(Collected data entries)
"""

Lemma psdmx_sum (I : finType) (P : pred I) (F : I -> 'M[R]_2) :
  (forall i, P i -> psdmx (F i)) -> psdmx (\sum_(i | P i) F i).
Proof. by move=> psdF; apply: big_ind => //; [exact: psdmx0 | exact: psdmxD]. Qed.

Lemma mxtrace_invmxD_le A H : pdmx A -> psdmx H ->
  \tr (invmx (A + H)) <= \tr (invmx A).
Proof.
move=> pdA psdH; have [A10 a_gt0 d_gt0 detA_gt0] := pdmx2P pdA.
have [_ _ _ detAH_gt0] := pdmx2P (pdmxD pdA psdH).
have detH_ge0 := psdmx2_det_ge0 psdH; have [H10 q] := psdmx2P psdH.
rewrite !mxtrace_invmx2 ?gt_eqF // ler_pdivrMr // mulrAC ler_pdivlMr //.
move: detH_ge0; rewrite !mxtrace2 !det_mx2 !mxE A10 H10 => detH_ge0.
(* With A = [a b; b d] and Q the quadratic form of H, the right side minus the
   left side is (tr A) (det H) + Q(b, -a) + Q(d, -b). *)
have := mulr_ge0 (addr_ge0 (ltW a_gt0) (ltW d_gt0)) detH_ge0.
have := q (A 0 1) (- A 0 0); have := q (A 1 1) (- A 0 1).
nra.
Qed.
End PsdMatrices2.

Section FisherObjective.
Variables (R : realType) (M : finType) (Fp : 'M[R]_2) (H : M -> 'M[R]_2).

Lemma fPa_set0 : fPa Fp H finset.set0 = 0.
Proof. by rewrite /fPa /Hset big_set0 addr0 subrr. Qed.

Lemma fPa_mono : pdmx Fp -> (forall y, psdmx (H y)) ->
  forall S T : {set M}, S \subset T -> fPa Fp H S <= fPa Fp H T.
Proof.
move=> pdFp psdH S T ST; rewrite /fPa lerD2l lerN2.
rewrite /Hset (big_setID S) /= (finset.setIidPr ST) addrA.
by apply: mxtrace_invmxD_le; [apply: pdmxD => // | ]; apply: psdmx_sum.
Qed.

End FisherObjective.

Section GreedyRun.
Variables (R : realType) (M : finType) (c : M -> R) (B : R) (s : seq M).

Lemma greedy_added_cat acc s1 s2 :
  greedy_added c B acc (s1 ++ s2) = greedy_added c B (greedy_added c B acc s1) s2.
Proof. by elim: s1 acc => //= y s1 IH acc; rewrite IH. Qed.

Lemma greedy_added_extends acc t : exists u, greedy_added c B acc t = acc ++ u.
Proof.
elim: t acc => [|y t IH] acc /=; first by exists [::]; rewrite cats0.
case: ifP => _; last exact: IH.
by have [u ->] := IH (rcons acc y); exists (y :: u); rewrite -cats1 -catA.
Qed.

Lemma greedy_added_sub acc t : {subset greedy_added c B acc t <= acc ++ t}.
Proof.
elim: t acc => [|y t IH] acc /=; first by rewrite cats0.
move=> x /IH; rewrite !mem_cat inE; case: ifP => _; last by case/orP=> ->; rewrite ?orbT.
by rewrite mem_rcons inE => /orP[/orP[]|] ->; rewrite ?orbT.
Qed.

Definition greedy_set k : {set M} := [set x in greedy_added c B [::] (take k s)].

Lemma greedy_set0 : greedy_set 0 = finset.set0.
Proof. by apply/setP => x; rewrite !inE take0. Qed.

Lemma greedy_setS y0 k : (k < size s)%N ->
  greedy_set k.+1 = if c (nth y0 s k) + setcost c (greedy_set k) <= B
                    then nth y0 s k |: greedy_set k else greedy_set k.
Proof.
move=> ks; rewrite /greedy_set (take_nth y0 ks) -cats1 greedy_added_cat /=.
by case: ifP => _ //; apply/setP => x; rewrite !inE mem_rcons inE.
Qed.

Lemma greedy_set_subset k k' : (k <= k')%N -> greedy_set k \subset greedy_set k'.
Proof.
move=> kk'; set t := take k' s.
have [u] := greedy_added_extends (greedy_added c B [::] (take k t)) (drop k t).
rewrite -greedy_added_cat cat_take_drop take_takel // => ext.
by apply/fintype.subsetP => x; rewrite !inE ext mem_cat => ->.
Qed.

Lemma greedy_set_size : greedy_set (size s) = Y2fin c B s.
Proof. by rewrite /greedy_set take_size. Qed.

Lemma Y2j_greedy_set k :
  exists2 j, (j <= nadded c B s)%N & Y2j c B s j = greedy_set k.
Proof.
rewrite /Y2j /nadded /greedy_set -[in greedy_added _ _ _ s](cat_take_drop k s).
rewrite greedy_added_cat; set p := greedy_added c B [::] (take k s).
have [u ->] := greedy_added_extends p (drop k s).
by exists (size p); rewrite ?size_cat ?leq_addr ?take_size_cat.
Qed.

Lemma mem_greedy_set k x : x \in greedy_set k -> x \in take k s.
Proof. by rewrite inE => /greedy_added_sub. Qed.

Lemma nth_notin_greedy_set y0 k : uniq s -> (k < size s)%N ->
  nth y0 s k \notin greedy_set k.
Proof.
move=> s_uniq ks; apply: contraTN s_uniq => /mem_greedy_set yk.
by rewrite -(cat_take_drop k s) (drop_nth y0 ks) cat_uniq /= yk andbF.
Qed.

Lemma greedy_set_cost k : 0 <= B -> uniq s -> (k <= size s)%N ->
  setcost c (greedy_set k) <= B.
Proof.
move=> B_ge0 s_uniq; elim: k => [|k IH] ks.
  by rewrite greedy_set0 /setcost big_set0.
have [y0 _] : exists y0 : M, true by move: ks; case: s => // y0; exists y0.
rewrite (greedy_setS y0 ks); case: ifP => [fits|_]; last exact: IH (ltnW ks).
by rewrite /setcost big_setU1 ?nth_notin_greedy_set.
Qed.

End GreedyRun.

Lemma expR_decay_step (R : realType) (x u z a a' E d : R) :
  0 <= x -> 0 <= a -> 0 <= E -> a <= expR (- u) * z + E ->
  a' <= (1 - x) * a + d -> a' <= expR (- (u + x)) * z + (E + d).
Proof.
move=> x_ge0 a_ge0 E_ge0 a_le a'_le.
have lin_le_exp : (1 - x) * a <= expR (- x) * a.
  by rewrite ler_wpM2r //; have := expR_ge1Dx (- x); lra.
have exp_a : expR (- x) * a <= expR (- x) * (expR (- u) * z + E).
  by rewrite ler_wpM2l ?expR_ge0.
have exp_E : expR (- x) * E <= E by rewrite ler_piMl // expR_le1 oppr_le0.
have -> : expR (- (u + x)) * z = expR (- x) * (expR (- u) * z) by rewrite opprD expRD; ring.
lra.
Qed.

Section SetCost.
Variables (R : realType) (M : finType) (c : M -> R).

Lemma setcost_ge0 (A : {set M}) : (forall y, 0 <= c y) -> 0 <= setcost c A.
Proof. by move=> c_ge0; apply: sumr_ge0. Qed.

Lemma setcost_subset (A C : {set M}) : (forall y, 0 <= c y) ->
  A \subset C -> setcost c A <= setcost c C.
Proof.
move=> c_ge0 AsubC; rewrite /setcost [X in _ <= X](big_setID A) /=.
by rewrite (finset.setIidPr AsubC) lerDl sumr_ge0.
Qed.

Lemma card_mul_le_setcost (A : {set M}) cmin : (forall y, cmin <= c y) ->
  #|A|%:R * cmin <= setcost c A.
Proof. by move=> cmin_le; rewrite /setcost mulr_natl -sumr_const ler_sum. Qed.

Lemma setcost_mem (A : {set M}) y : (forall y, 0 <= c y) -> y \in A ->
  c y <= setcost c A.
Proof.
move=> c_ge0 yA; have := @setcost_subset [set y] A c_ge0.
by rewrite /setcost big_set1 finset.sub1set; apply.
Qed.

End SetCost.

Section ApproximateGreedy.
Variables (R : realType) (M : finType) (c : M -> R) (B : R) (s : seq M) (y0 : M).
Variables (f fhat : {set M} -> R) (eps : R) (Ystar : {set M}) (gamma1 : R).
Hypothesis c_gt0 : forall y, 0 < c y.
Hypothesis B_ge0 : 0 <= B.
Hypothesis f_set0 : f finset.set0 = 0.
Hypothesis f_mono : forall S T : {set M}, S \subset T -> f S <= f T.
Hypothesis fhat_approx : forall Y, `|fhat Y - f Y| <= eps / 2.
Hypothesis Ystar_feasible : setcost c Ystar <= B.
Hypothesis Ystar_optimal : forall Y, setcost c Y <= B -> f Y <= f Ystar.
Hypothesis greedy_order : alg2_step3 fhat c B s.
Hypothesis gamma1_ok : type1_ok f c B s gamma1.
Hypothesis gamma1_ge0 : 0 <= gamma1.

Let c_ge0 y : 0 <= c y := ltW (c_gt0 y).

Local Notation G := (greedy_set c B s).
Local Notation cand k := (nth y0 s k).

Lemma greedy_order_uniq : uniq s.
Proof. by rewrite (perm_uniq greedy_order.1) enum_uniq. Qed.

Lemma eps_ge0 : 0 <= eps.
Proof.
by have := fhat_approx finset.set0; have := normr_ge0 (fhat finset.set0 - f finset.set0); lra.
Qed.

Lemma approx_diff X Y : f X - f Y <= fhat X - fhat Y + eps.
Proof. by have := fhat_approx X; have := fhat_approx Y; rewrite !ler_norml; lra. Qed.

Lemma f_ge0 Y : 0 <= f Y.
Proof. by rewrite -f_set0 f_mono ?finset.sub0set. Qed.

Lemma f_greedy_le_Ystar k : (k <= size s)%N -> f (G k) <= f Ystar.
Proof. by move=> ks; rewrite Ystar_optimal ?greedy_set_cost ?greedy_order_uniq. Qed.

Definition Ystar_kept k := forall i, (i < k)%N -> cand i \in Ystar ->
  c (cand i) + setcost c (G i) <= B.

Lemma Ystar_kept_greedy_set k y : Ystar_kept k ->
  y \in Ystar -> y \in take k s -> y \in G k.
Proof.
move=> kept yY yk; have ik := index_ltn yk.
have in_s : (index y s < size s)%N by rewrite index_mem (mem_take yk).
have candE : cand (index y s) = y by rewrite nth_index ?(mem_take yk).
apply: (fintype.subsetP (greedy_set_subset c B s ik)).
by rewrite (greedy_setS _ _ y0 in_s) (kept _ ik) candE ?setU11.
Qed.

Lemma marginal_le_ratio k y :
  (k < size s)%N -> Ystar_kept k -> y \in Ystar :\: G k ->
  f (y |: G k) - f (G k)
    <= c y * ((f (cand k |: G k) - f (G k) + eps) / c (cand k)) + eps.
Proof.
move=> ks kept; rewrite inE => /andP[yG yY].
have y_cand : y \notin take k s by apply: contra yG; apply: Ystar_kept_greedy_set.
(* [y] was still a candidate at step [k], so its estimated gain per unit cost is
   at most that of [cand k]. *)
have := greedy_order.2 k ks y y_cand; rewrite (set_nth_default y0 y ks) -/(G k).
rewrite ler_pdivrMr // mulrAC ler_pdivlMr // => ratio_le.
have := approx_diff (y |: G k) (G k); have := approx_diff (G k) (cand k |: G k).
move=> cand_approx y_approx.
have gain_le : (fhat (y |: G k) - fhat (G k)) * c (cand k)
               <= (f (cand k |: G k) - f (G k) + eps) * c y.
  by apply: le_trans ratio_le _; apply: ler_wpM2r; [exact: ltW | lra].
rewrite -ler_pdivlMr // in gain_le.
by rewrite mulrCA mulrA; lra.
Qed.

Lemma candidate_gain k : 0 < B -> (k < size s)%N -> Ystar_kept k ->
  f Ystar - f (cand k |: G k) <=
  (1 - gamma1 * c (cand k) / B) * (f Ystar - f (G k))
  + (1 + c (cand k) * #|Ystar|%:R / B) * eps.
Proof.
move=> B_gt0 ks kept; set Y := G k; set ck := c (cand k).
set r := (f (cand k |: Y) - f Y + eps) / ck.
have ck_gt0 : 0 < ck := c_gt0 _.
have r_ge0 : 0 <= r.
  apply: divr_ge0 (ltW ck_gt0).
  by have := @f_mono Y (cand k |: Y) (finset.subsetUr _ _); have := eps_ge0; lra.
have sum_le : \sum_(y in Ystar :\: Y) (f (y |: Y) - f Y) <= B * r + #|Ystar|%:R * eps.
  apply: le_trans (ler_sum _ (fun y yY => marginal_le_ratio ks kept yY)) _.
  rewrite big_split /= -mulr_suml sumr_const -[eps *+ _]mulr_natl.
  apply: lerD; apply: ler_wpM2r;
    rewrite ?eps_ge0 ?ler_nat ?subset_leq_card ?finset.subsetDl //.
  exact: le_trans (setcost_subset c_ge0 (finset.subsetDl _ _)) Ystar_feasible.
have [j jn Yj] := Y2j_greedy_set c B s k.
have gain : gamma1 * (f Ystar - f Y) <= B * r + #|Ystar|%:R * eps.
  apply: le_trans sum_le; have := gamma1_ok Ystar jn; rewrite Yj; apply: le_trans.
  by rewrite ler_wpM2l // lerD2r f_mono // finset.subsetUl.
have := ler_wpM2l (divr_ge0 (ltW ck_gt0) (ltW B_gt0)) gain.
have -> : ck / B * (B * r + #|Ystar|%:R * eps)
          = f (cand k |: Y) - f Y + eps + ck * #|Ystar|%:R / B * eps.
  by rewrite /r; field; rewrite !gt_eqF.
have -> : ck / B * (gamma1 * (f Ystar - f Y)) = gamma1 * ck / B * (f Ystar - f Y) by ring.
lra.
Qed.

Definition gap_bound (X N : R) : R :=
  expR (- (gamma1 * X / B)) * f Ystar + (N + X * #|Ystar|%:R / B) * eps.

Lemma candidate_gap k : 0 < B -> (k < size s)%N -> Ystar_kept k ->
  f Ystar - f (G k) <= gap_bound (setcost c (G k)) #|G k|%:R ->
  f Ystar - f (cand k |: G k)
    <= gap_bound (setcost c (G k) + c (cand k)) (#|G k|%:R + 1).
Proof.
move=> B_gt0 ks kept gap_le; rewrite /gap_bound.
have -> : gamma1 * (setcost c (G k) + c (cand k)) / B
          = gamma1 * setcost c (G k) / B + gamma1 * c (cand k) / B by ring.
have -> : (#|G k|%:R + 1 + (setcost c (G k) + c (cand k)) * #|Ystar|%:R / B) * eps
          = (#|G k|%:R + setcost c (G k) * #|Ystar|%:R / B) * eps
            + (1 + c (cand k) * #|Ystar|%:R / B) * eps by ring.
apply: expR_decay_step gap_le (candidate_gain B_gt0 ks kept).
- exact: divr_ge0 (mulr_ge0 gamma1_ge0 (ltW (c_gt0 _))) (ltW B_gt0).
- by rewrite subr_ge0; apply/f_greedy_le_Ystar/ltnW.
- apply: mulr_ge0 _ eps_ge0; apply: addr_ge0 (ler0n _ _) _.
  exact: divr_ge0 (mulr_ge0 (setcost_ge0 _ c_ge0) (ler0n _ _)) (ltW B_gt0).
Qed.

Lemma greedy_gap k : 0 < B -> (k <= size s)%N -> Ystar_kept k ->
  f Ystar - f (G k) <= gap_bound (setcost c (G k)) #|G k|%:R.
Proof.
move=> B_gt0; elim: k => [|k IH] ks kept.
  rewrite greedy_set0 /gap_bound /setcost big_set0 cards0 f_set0.
  by rewrite !(mulr0, mul0r, add0r) oppr0 expR0 mul1r; lra.
have kept_k : Ystar_kept k by move=> i ik; apply: kept; apply: ltnW.
have gap_k := IH (ltnW ks) kept_k.
rewrite (greedy_setS _ _ y0 ks); case: ifP => _; last exact: gap_k.
have cand_new := nth_notin_greedy_set c B y0 greedy_order_uniq ks.
have -> : setcost c (cand k |: G k) = setcost c (G k) + c (cand k).
  by rewrite /setcost big_setU1 //= addrC.
by rewrite cardsU1 cand_new add1n -natr1; apply: candidate_gap.
Qed.

Lemma Ystar_kept_or_rejected : Ystar_kept (size s) \/
  exists2 t, (t < size s)%N &
    [/\ Ystar_kept t, cand t \in Ystar & B < c (cand t) + setcost c (G t)].
Proof.
pose rejected t :=
  [&& (t < size s)%N, cand t \in Ystar & B < c (cand t) + setcost c (G t)].
have [[t0 rej_t0] | none] := pselect (exists t, rejected t); last first.
  left=> i i_s iY; rewrite leNgt; apply/negP => rej; apply: none.
  by exists i; rewrite /rejected i_s iY rej.
right; have [t /and3P[ts tY rej_t] t_min] := ex_minnP (ex_intro rejected t0 rej_t0).
exists t => //; split=> // i it iY; rewrite leNgt; apply/negP => rej_i.
have := t_min i; rewrite /rejected iY rej_i (ltn_trans it ts) => /(_ isT).
by rewrite leqNgt it.
Qed.

Lemma Ystar_kept_subset : Ystar_kept (size s) -> Ystar \subset Y2fin c B s.
Proof.
move=> kept; apply/fintype.subsetP => y yY; rewrite -greedy_set_size.
by apply: Ystar_kept_greedy_set; rewrite // take_size (perm_mem greedy_order.1) mem_enum.
Qed.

"""

**EXERCISE:**
Please give an exact copy of the lines above, beginning with the line containing "move=> B_gt0 ks kept gap_le;" and running through the line containing "- apply: mulr_ge0", and of no other lines.

**COMPLETED TASK:**
move=> B_gt0 ks kept gap_le; rewrite /gap_bound.
have -> : gamma1 * (setcost c (G k) + c (cand k)) / B
          = gamma1 * setcost c (G k) / B + gamma1 * c (cand k) / B by ring.
have -> : (#|G k|%:R + 1 + (setcost c (G k) + c (cand k)) * #|Ystar|%:R / B) * eps
          = (#|G k|%:R + setcost c (G k) * #|Ystar|%:R / B) * eps
            + (1 + c (cand k) * #|Ystar|%:R / B) * eps by ring.
apply: expR_decay_step gap_le (candidate_gain B_gt0 ks kept).
- exact: divr_ge0 (mulr_ge0 gamma1_ge0 (ltW (c_gt0 _))) (ltW B_gt0).
- by rewrite subr_ge0; apply/f_greedy_le_Ystar/ltnW.
- apply: mulr_ge0 _ eps_ge0; apply: addr_ge0 (ler0n _ _) _.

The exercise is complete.